What the task requires >>
Could you copy, exactly as written, every line from the first line of the records through the one containing "have Crho : 0"?

Data excerpts >>

Let rho_le_lamN : rho <= lam ^+ N.
Proof. by apply: le_trans lamN; case/andP: rho01 => _ rho1; lra. Qed.

Lemma contract_weight0 : rho * (C * lam ^+ 0) + 4 * mu ^+ N / mu <= C * lam ^+ N.
Proof.
have Cl := ler_wpM2l C0 lamN; have := mu_weight N.
have Crho : 0 <= C * rho by rewrite mulr_ge0 //; case/andP: rho01.
rewrite expr0 mulr1 -mulrA; move: C_rho; rewrite mulrBr mulr1 [8 / mu]mulrC; lra.
Qed.

Lemma contract_weight i : rho * (C * lam ^+ i) <= C * lam ^+ (N + i).
Proof.
have lam0 : 0 <= lam ^+ i by rewrite exprn_ge0 //; case/andP: lam01.
by rewrite exprD mulrCA ler_wpM2l // ler_wpM2r // rho_le_lamN.
Qed.

Lemma le_decay_bound0 : A <= decay_bound C lam A S 0.
Proof.
rewrite /decay_bound big_ord1 !expr0 !mulr1 subn0.
by have := mulr_ge0 C0 (S0 0%N); move: (A0); lra.
Qed.

Lemma decay_bound_early k : (k <= N)%N ->
  2 * mu ^+ k * A + horizon_noise mu S k k <= decay_bound C lam A S k.
Proof.
move=> kN; apply: lerD.
  rewrite ler_wpM2r //; have := lam_ge kN.
  have : mu ^+ k <= 1 by case/andP: mu01 => mu0 mu1; rewrite exprn_ile1 // ltW.
  by case/andP: rho01; lra.
apply: ler_sum => j _; rewrite ler_wpM2r // input_weight_le //.
exact: leq_trans (ltnSE (ltn_ord j)) kN.
Qed.

Lemma decay_bound_contract K :
  rho * decay_bound C lam A S K + horizon_noise mu S N (N + K)
    <= decay_bound C lam A S (N + K).
Proof.
have rho0 : 0 <= rho by case/andP: rho01.
have prior_term : rho * (4 * lam ^+ K * A) <= 4 * lam ^+ (N + K) * A.
  have lamA : 0 <= lam ^+ K * A by rewrite mulr_ge0 // exprn_ge0 //; case/andP: lam01.
  by have := ler_wpM2r lamA rho_le_lamN; rewrite exprD; lra.
have := convolution_contract (g := fun i => C * lam ^+ i) (d := fun j => 4 * mu ^+ j / mu)
  K rho0 S0 (fun j jN => input_weight_le (ltnW jN)) contract_weight0 contract_weight.
rewrite /decay_bound /horizon_noise mulrDr; lra.
Qed.

End DecayBound.

Lemma exprz_pred (R : fieldType) (a : R) (j : nat) : a != 0 ->
  a ^ (j%:Z - 1) = a ^+ j / a.
Proof. by move=> a0; rewrite expfzDr // exprN1 -exprnP. Qed.

Section MovingHorizonEstimation.
Variables (R : realType) (n m q r p : nat).
Variable f : 'rV[R]_n -> 'rV[R]_m -> 'rV[R]_q -> 'rV[R]_n.
Variable h : 'rV[R]_n -> 'rV[R]_r -> 'rV[R]_p.
Variables (Xs : set 'rV[R]_n) (Us : set 'rV[R]_m) (Vs : set 'rV[R]_r) (Ys : set 'rV[R]_p).
Variables (al1 al2 sigv sigy : R -> R) (mu : R) (Vf : 'rV[R]_n -> 'rV[R]_n -> R).
Hypotheses (Kal1 : classKinf al1) (Kal2 : classK al2).
Hypotheses (Ksigv : classK sigv) (Ksigy : classK sigy) (mu01 : 0 < mu < 1).
Hypothesis Vf_lb : forall x xt, Xs x -> Xs xt -> al1 `|x - xt| <= Vf x xt.
Hypothesis Vf_ub : forall x xt, Xs x -> Xs xt -> Vf x xt <= al2 `|x - xt|.
Hypothesis Vf_step : forall x uu w v yy xt wt vt yt vp vtp,
  Xs x -> Us uu -> Vs v -> Ys yy -> Xs xt -> Vs vt -> Ys yt -> Vs vp -> Vs vtp ->
  yy = h x v -> yt = h xt vt ->
  Ys (h (f x uu w) vp) -> Ys (h (f xt uu wt) vtp) ->
  Vf (f x uu w) (f xt uu wt)
    <= mu * Vf x xt + sigv `|v - vt| + sigv `|vp - vtp|
       + sigy `|yy - yt| + sigy `|h (f x uu w) vp - h (f xt uu wt) vtp|.
Variables (N : nat) (xbar0 : 'rV[R]_n) (vbar : nat -> 'rV[R]_r).
Hypothesis xbar0_in : Xs xbar0.
Variables (x : nat -> 'rV[R]_n) (u : nat -> 'rV[R]_m) (w : nat -> 'rV[R]_q).
Variables (v : nat -> 'rV[R]_r) (y : nat -> 'rV[R]_p).
Hypothesis Hsol : solution f h Xs Us Vs Ys x u w v y.
Variable sol : nat -> cand R n q r.
Hypothesis Hrun : mhe_run f h Xs Vs Ys mu al2 sigv sigy N xbar0 vbar u y sol.

Local Notation M k := (Nk N k).
Local Notation start k := (k - Nk N k)%N.
Local Notation est := (mhe_estimate f N u sol).
Local Notation prior := (mhe_prior f N xbar0 u sol).
Local Notation feas := (feasible f h Xs Vs Ys N u).
Local Notation cost := (mhe_cost f h mu al2 sigv sigy N vbar u y).
Local Notation noise := (fun t => sigv (2 * `|v t - vbar t|)).

Let mu01' : 0 < mu <= 1.
Proof. by case/andP: mu01 => -> /ltW. Qed.

Let mu_neq0 : mu != 0.
Proof. by rewrite gt_eqF //; case/andP: mu01. Qed.

Let mu_ge0 : 0 <= mu.
Proof. by case/andP: mu01 => /ltW. Qed.

Lemma mhe_costE k P c : cost k P c =
  mu ^+ M k * al2 (2 * `|c.1.1 - P|)
  + \sum_(j < (M k).+1) 2 * mu ^+ j / mu * sigv (2 * `|c.1.2 (k - j)%N - vbar (k - j)%N|)
  + \sum_(j < (M k).+1) 2 * mu ^+ j / mu
      * sigy `|y (k - j)%N - h (xpred f u c (start k) (M k - j)) (c.1.2 (k - j)%N)|.
Proof.
by rewrite /mhe_cost; congr (_ + _ + _); apply: eq_bigr => j _; rewrite exprz_pred // mulrA.
Qed.

Definition fit_error k (c : cand R n q r) l : R :=
  sigv `|v (start k + l)%N - c.1.2 (start k + l)%N|
  + sigy `|y (start k + l)%N - h (xpred f u c (start k) l) (c.1.2 (start k + l)%N)|.

Lemma fit_error_ge0 k c l : 0 <= fit_error k c l.
Proof. by rewrite addr_ge0 // classK_ge0. Qed.

Lemma fit_error_step k c i : feas k c -> (i < M k)%N ->
  Vf (x (start k + i.+1)%N) (xpred f u c (start k) i.+1)
    <= mu * Vf (x (start k + i)%N) (xpred f u c (start k) i)
       + fit_error k c i + fit_error k c i.+1.
Proof.
move=> Hc iM.
have [[Xx Uu Vv Yy] [xS yE]] := Hsol (start k + i).
have [[_ _ Vv1 Yy1] [_ yE1]] := Hsol (start k + i).+1.
have [Xh Vh Yh] := Hc i (ltnW iM).
have [_ Vh1 Yh1] := Hc i.+1 iM.
rewrite -addnS in Vv1 Yy1 yE1 xS.
have := Vf_step (w := w (start k + i)) (wt := c.2 (start k + i)%N)
  Xx Uu Vv Yy Xh Vh Yh Vv1 Vh1 yE erefl.
rewrite -xS -yE1 => /(_ Yy1 Yh1).
by rewrite /fit_error /=; lra.
Qed.

Lemma fit_error_chain k c : feas k c ->
  Vf (x k) (xpred f u c (start k) (M k)) + fit_error k c (M k) / mu
    <= mu ^+ M k * Vf (x (start k)) c.1.1
       + \sum_(j < (M k).+1) 2 * mu ^+ j / mu * fit_error k c (M k - j).
Proof.
move=> Hc; have := horizon_chain (V := fun i => Vf (x (start k + i)%N) (xpred f u c (start k) i))
  mu01' (fit_error_ge0 k c) (fun i => fit_error_step Hc (i := i)) (leqnn (M k)).
by rewrite subnK ?addn0 // /Nk geq_minr.
Qed.

Let start_addB k j : (j <= M k)%N -> (start k + (M k - j))%N = (k - j)%N.
Proof. by have : (M k <= k)%N := geq_minr N k; lia. Qed.

Lemma xpred_solution t i : xpred f u (x t, v, w) t i = x (t + i)%N.
Proof.
elim: i => [|i IH] /=; first by rewrite addn0.
by rewrite IH addnS; have [_ [<- _]] := Hsol (t + i)%N.
Qed.

Lemma solution_feasible k : feas k (x (start k), v, w).
Proof.
move=> i _; rewrite xpred_solution /=.
by have [[Xx _ Vv Yy] [_ <-]] := Hsol (start k + i)%N.
Qed.

Lemma solution_cost k P : cost k P (x (start k), v, w) =
  mu ^+ M k * al2 (2 * `|x (start k) - P|)
  + \sum_(j < (M k).+1) 2 * mu ^+ j / mu * noise (k - j)%N.
Proof.
rewrite mhe_costE -[RHS]addr0; congr (_ + _); apply: big1 => j _.
rewrite xpred_solution /= start_addB; last exact: ltnSE (ltn_ord j).
by have [_ [_ <-]] := Hsol (k - j)%N; rewrite subrr normr0; case: Ksigy => -> _ _; rewrite mulr0.
Qed.

Lemma fit_error_le_cost k c P :
  mu ^+ M k * al2 (2 * `|c.1.1 - P|)
  + \sum_(j < (M k).+1) 2 * mu ^+ j / mu * fit_error k c (M k - j)
    <= cost k P c + \sum_(j < (M k).+1) 2 * mu ^+ j / mu * noise (k - j)%N.
Proof.
rewrite mhe_costE -!addrA lerD2l -!big_split ler_sum // => j _ /=.
rewrite -!mulrDr ler_wpM2l ?divr_ge0 ?mulr_ge0 ?exprn_ge0 //.
rewrite /fit_error start_addB; last exact: ltnSE (ltn_ord j).
have := classK_dist_split (v (k - j)%N) (c.1.2 (k - j)%N) (vbar (k - j)%N) Ksigv.
lra.
Qed.

Lemma mhe_lyapunov_horizon k :
  Vf (x k) (est k) <= 2 * mu ^+ M k * al2 (2 * `|x (start k) - prior (start k)|)
                      + horizon_noise mu noise (M k) k.
Proof.
have [Hc opt] := Hrun k; set c := sol k; set P := prior (start k).
have chain := fit_error_chain Hc.
have costs := opt _ (solution_feasible (k := k)); rewrite solution_cost -/c -/P in costs.
have fit_cost := fit_error_le_cost k c P.
have [x_in _ _] := (Hsol (start k)).1.
have [xh_in _ _] := Hc 0%N (leq0n _).
have split0 : Vf (x (start k)) c.1.1 <= al2 (2 * `|x (start k) - P|) + al2 (2 * `|c.1.1 - P|).
  exact: le_trans (Vf_ub x_in xh_in) (classK_dist_split _ _ _ Kal2).
have muM : 0 <= mu ^+ M k by rewrite exprn_ge0.
have fitM : 0 <= fit_error k c (M k) / mu by rewrite divr_ge0 ?fit_error_ge0.
have noiseE : horizon_noise mu noise (M k) k
    = 2 * \sum_(j < (M k).+1) 2 * mu ^+ j / mu * noise (k - j)%N.
  by rewrite /horizon_noise mulr_sumr; apply: eq_bigr => j _; ring.
rewrite noiseE; have := ler_wpM2l muM split0; rewrite mulrDr.
change (est k) with (xpred f u c (start k) (M k)).
lra.
Qed.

The answer >>
Let rho_le_lamN : rho <= lam ^+ N.
Proof. by apply: le_trans lamN; case/andP: rho01 => _ rho1; lra. Qed.

Lemma contract_weight0 : rho * (C * lam ^+ 0) + 4 * mu ^+ N / mu <= C * lam ^+ N.
Proof.
have Cl := ler_wpM2l C0 lamN; have := mu_weight N.
have Crho : 0 <= C * rho by rewrite mulr_ge0 //; case/andP: rho01.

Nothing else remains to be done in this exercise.